**Available data**:
(* Let $\mathcal F$ be an exact category with enough injective objects and $\mathcal M$ a subcategory of $\mathcal F$. Then there exists a subcategory $\mathcal N$ such that $(\mathcal M,\mathcal N)$ is a complete cotorsion pair in $\mathcal F$ if and only if $\mathcal M$ is special precovering and idempotent complete (closed under direct summands) in $\mathcal F$.
   Context: A pair $(\mathcal M,\mathcal N)$ of full subcategories of an exact category $\mathcal F$ is a complete cotorsion pair if $\mathcal N=\mathrm{Ker}\,\mathrm{Ext}^1_{\mathcal F}(\mathcal M,-)$, $\mathcal M=\mathrm{Ker}\,\mathrm{Ext}^1_{\mathcal F}(-,\mathcal N)$, $\mathcal M$ is special precovering (every $X\in\mathcal F$ fits in a conflation $0\to N_1\to M_1\to X\to0$ with $M_1\in\mathcal M$, $N_1\in\mathcal N$) and $\mathcal N$ is special preenveloping (every $X$ fits in a conflation $0\to X\to N_2\to M_2\to0$ with $N_2\in\mathcal N$, $M_2\in\mathcal M$). For a single subcategory $\mathcal M$, ''special precovering'' means every $X\in\mathcal F$ fits in a conflation $0\to K\to M\to X\to 0$ with $M\in\mathcal M$ and $\mathrm{Ext}^1_{\mathcal F}(\mathcal M,K)=0$. *)

From HB Require Import structures.
From mathcomp Require Import all_boot all_algebra.
Set Implicit Arguments. Unset Strict Implicit. Unset Printing Implicit Defensive.
Import GRing.Theory.
Local Open Scope ring_scope.

Record precat := PreCat {
  Ob :> Type;
  Hom : Ob -> Ob -> zmodType;
  comp : forall X Y Z : Ob, Hom Y Z -> Hom X Y -> Hom X Z;
  idm : forall X : Ob, Hom X X
}.
Arguments Hom {p}.
Arguments comp {p X Y Z}.
Arguments idm {p}.

Section CatDefs.
Variable C : precat.

Definition preadditive_axioms : Prop :=
  (forall (X Y Z W : C) (f : Hom Z W) (g : Hom Y Z) (h : Hom X Y),
      comp f (comp g h) = comp (comp f g) h) /\
  (forall (X Y : C) (f : Hom X Y), comp (idm Y) f = f) /\
  (forall (X Y : C) (f : Hom X Y), comp f (idm X) = f) /\
  (forall (X Y Z : C) (f g : Hom Y Z) (h : Hom X Y),
      comp (f + g) h = comp f h + comp g h) /\
  (forall (X Y Z : C) (h : Hom Y Z) (f g : Hom X Y),
      comp h (f + g) = comp h f + comp h g).

Definition is_biprod (X Y P : C) (p1 : Hom P X) (p2 : Hom P Y)
  (e1 : Hom X P) (e2 : Hom Y P) : Prop :=
  comp p1 e1 = idm X /\ comp p2 e2 = idm Y /\
  comp p1 e2 = 0 /\ comp p2 e1 = 0 /\
  comp e1 p1 + comp e2 p2 = idm P.

(** additive category: preadditive, with a zero object and binary biproducts *)
Definition additive_axioms : Prop :=
  preadditive_axioms /\
  (exists Z : C, idm Z = 0) /\
  (forall X Y : C, exists (P : C) (p1 : Hom P X) (p2 : Hom P Y)
                          (e1 : Hom X P) (e2 : Hom Y P), is_biprod p1 p2 e1 e2).

Definition is_iso (X Y : C) (f : Hom X Y) : Prop :=
  exists g : Hom Y X, comp g f = idm X /\ comp f g = idm Y.

Definition is_kernel (A B D : C) (i : Hom A B) (d : Hom B D) : Prop :=
  comp d i = 0 /\
  forall (T : C) (f : Hom T B), comp d f = 0 -> exists! g : Hom T A, comp i g = f.

Definition is_cokernel (A B D : C) (i : Hom A B) (d : Hom B D) : Prop :=
  comp d i = 0 /\
  forall (T : C) (f : Hom B T), comp f i = 0 -> exists! g : Hom D T, comp g d = f.

Definition kernel_cokernel_pair (A B D : C) (i : Hom A B) (d : Hom B D) : Prop :=
  is_kernel i d /\ is_cokernel i d.

(** pushout square:   A --i--> B
                      f|       |f'
                      A' -i'-> B'   *)
Definition is_pushout (A B A' B' : C) (i : Hom A B) (f : Hom A A')
  (i' : Hom A' B') (f' : Hom B B') : Prop :=
  comp i' f = comp f' i /\
  forall (T : C) (g : Hom A' T) (h : Hom B T), comp g f = comp h i ->
    exists! u : Hom B' T, comp u i' = g /\ comp u f' = h.

(** pullback square:  B' --d'--> C'
                      f'|        |f
                      B  --d-->  D   *)
Definition is_pullback (B D B' C' : C) (d : Hom B D) (f : Hom C' D)
  (d' : Hom B' C') (f' : Hom B' B) : Prop :=
  comp d f' = comp f d' /\
  forall (T : C) (g : Hom T C') (h : Hom T B), comp f g = comp d h ->
    exists! u : Hom T B', comp d' u = g /\ comp f' u = h.

Section Exact.
Variable E : forall A B D : C, Hom A B -> Hom B D -> Prop.

Definition E_inflation (A B : C) (i : Hom A B) : Prop :=
  exists (D : C) (d : Hom B D), E i d.
Definition E_deflation (B D : C) (d : Hom B D) : Prop :=
  exists (A : C) (i : Hom A B), E i d.

(** Quillen's axioms for an exact structure (as in Buehler, Def. 2.1) *)
Definition exact_structure_axioms : Prop :=
  (forall (A B D : C) (i : Hom A B) (d : Hom B D), E i d -> kernel_cokernel_pair i d) /\
  (forall (A B D A' B' D' : C) (i : Hom A B) (d : Hom B D) (i' : Hom A' B') (d' : Hom B' D')
          (a : Hom A A') (b : Hom B B') (c : Hom D D'),
      E i d -> is_iso a -> is_iso b -> is_iso c ->
      comp i' a = comp b i -> comp d' b = comp c d -> E i' d') /\
  (forall X : C, E_inflation (idm X)) /\
  (forall X : C, E_deflation (idm X)) /\
  (forall (X Y Z : C) (i : Hom X Y) (j : Hom Y Z),
      E_inflation i -> E_inflation j -> E_inflation (comp j i)) /\
  (forall (X Y Z : C) (d : Hom X Y) (e : Hom Y Z),
      E_deflation d -> E_deflation e -> E_deflation (comp e d)) /\
  (forall (A B A' : C) (i : Hom A B) (f : Hom A A'), E_inflation i ->
      exists (B' : C) (i' : Hom A' B') (f' : Hom B B'),
        is_pushout i f i' f' /\ E_inflation i') /\
  (forall (B D C' : C) (d : Hom B D) (f : Hom C' D), E_deflation d ->
      exists (B' : C) (d' : Hom B' C') (f' : Hom B' B),
        is_pullback d f d' f' /\ E_deflation d').
End Exact.
End CatDefs.

Record exact_cat := ExactCat {
  ecat :> precat;
  ecat_additive : additive_axioms ecat;
  confl : forall A B D : ecat, Hom A B -> Hom B D -> Prop;
  confl_exact : exact_structure_axioms confl
}.
Arguments confl {e A B D}.

Section ExactNotions.
Variable F : exact_cat.

Definition inflation (A B : F) (i : Hom A B) : Prop := E_inflation (@confl F) i.

(** Ext^1_F(X, Y) = 0, i.e. the Yoneda Ext group vanishes:
    every conflation 0 -> Y -> E -> X -> 0 splits. *)
Definition Ext1_zero (X Y : F) : Prop :=
  forall (Z : F) (i : Hom Y Z) (d : Hom Z X), confl i d ->
    exists s : Hom X Z, comp d s = idm X.

Definition injective_obj (I : F) : Prop :=
  forall (A B : F) (i : Hom A B), inflation i ->
    forall f : Hom A I, exists g : Hom B I, comp g i = f.

Definition enough_injectives : Prop :=
  forall X : F, exists (I : F) (i : Hom X I), injective_obj I /\ inflation i.

(** (full) subcategories are given by predicates on objects *)
Definition subcat := F -> Prop.

Definition special_precovering (M : subcat) : Prop :=
  forall X : F, exists (K M0 : F) (i : Hom K M0) (d : Hom M0 X),
    confl i d /\ M M0 /\ (forall M' : F, M M' -> Ext1_zero M' K).

Definition closed_under_summands (M : subcat) : Prop :=
  forall (X Y P : F) (p1 : Hom P X) (p2 : Hom P Y) (e1 : Hom X P) (e2 : Hom Y P),
    is_biprod p1 p2 e1 e2 -> M P -> M X.

Definition complete_cotorsion_pair (M N : subcat) : Prop :=
  (forall Y : F, N Y <-> (forall X : F, M X -> Ext1_zero X Y)) /\
  (forall X : F, M X <-> (forall Y : F, N Y -> Ext1_zero X Y)) /\
  (forall X : F, exists (N1 M1 : F) (i : Hom N1 M1) (d : Hom M1 X),
      confl i d /\ M M1 /\ N N1) /\
  (forall X : F, exists (N2 M2 : F) (i : Hom X N2) (d : Hom N2 M2),
      confl i d /\ N N2 /\ M M2).
End ExactNotions.

From Pilot Require Import Defs.
From mathcomp Require Import all_boot all_algebra.
Import Defs.
Set Implicit Arguments. Unset Strict Implicit. Unset Printing Implicit Defensive.
Import GRing.Theory.
Local Open Scope ring_scope.

(* The candidate partner is N := M^perp.  Necessity: conflations can be pulled
   back, so a map P -> X into the end of a conflation with kernel in M^perp
   lifts whenever P is in M; this gives special precovers and summand closure.
   Sufficiency: an object X with Ext^1(X, M^perp) = 0 splits its special
   M-precover K >-> M0 ->> X, so it is a summand of M0.  A special
   preenvelope of X is obtained by embedding X >-> I ->> C into an injective,
   taking a special precover K >-> M0 ->> C and pulling back along I ->> C:
   the pullback B sits in conflations X >-> B ->> M0 and K >-> B ->> I, and
   the latter puts B in M^perp because K does and I is injective. *)

Section ExactCategoryFacts.
Variable F : exact_cat.

Lemma compA (X Y Z W : F) (f : Hom Z W) (g : Hom Y Z) (h : Hom X Y) :
  comp f (comp g h) = comp (comp f g) h.
Proof. by case: (ecat_additive F) => [[H _] _]; apply: H. Qed.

**Problem statement**: Repeat exactly the lines of the listing above, from the one with "exists (A : C) (i : Hom A B), E i d." down to the one with "exists (B' : C) (d'"; both of those lines belong in the range.

**The answer**:
  exists (A : C) (i : Hom A B), E i d.

(** Quillen's axioms for an exact structure (as in Buehler, Def. 2.1) *)
Definition exact_structure_axioms : Prop :=
  (forall (A B D : C) (i : Hom A B) (d : Hom B D), E i d -> kernel_cokernel_pair i d) /\
  (forall (A B D A' B' D' : C) (i : Hom A B) (d : Hom B D) (i' : Hom A' B') (d' : Hom B' D')
          (a : Hom A A') (b : Hom B B') (c : Hom D D'),
      E i d -> is_iso a -> is_iso b -> is_iso c ->
      comp i' a = comp b i -> comp d' b = comp c d -> E i' d') /\
  (forall X : C, E_inflation (idm X)) /\
  (forall X : C, E_deflation (idm X)) /\
  (forall (X Y Z : C) (i : Hom X Y) (j : Hom Y Z),
      E_inflation i -> E_inflation j -> E_inflation (comp j i)) /\
  (forall (X Y Z : C) (d : Hom X Y) (e : Hom Y Z),
      E_deflation d -> E_deflation e -> E_deflation (comp e d)) /\
  (forall (A B A' : C) (i : Hom A B) (f : Hom A A'), E_inflation i ->
      exists (B' : C) (i' : Hom A' B') (f' : Hom B B'),
        is_pushout i f i' f' /\ E_inflation i') /\
  (forall (B D C' : C) (d : Hom B D) (f : Hom C' D), E_deflation d ->
      exists (B' : C) (d' : Hom B' C') (f' : Hom B' B),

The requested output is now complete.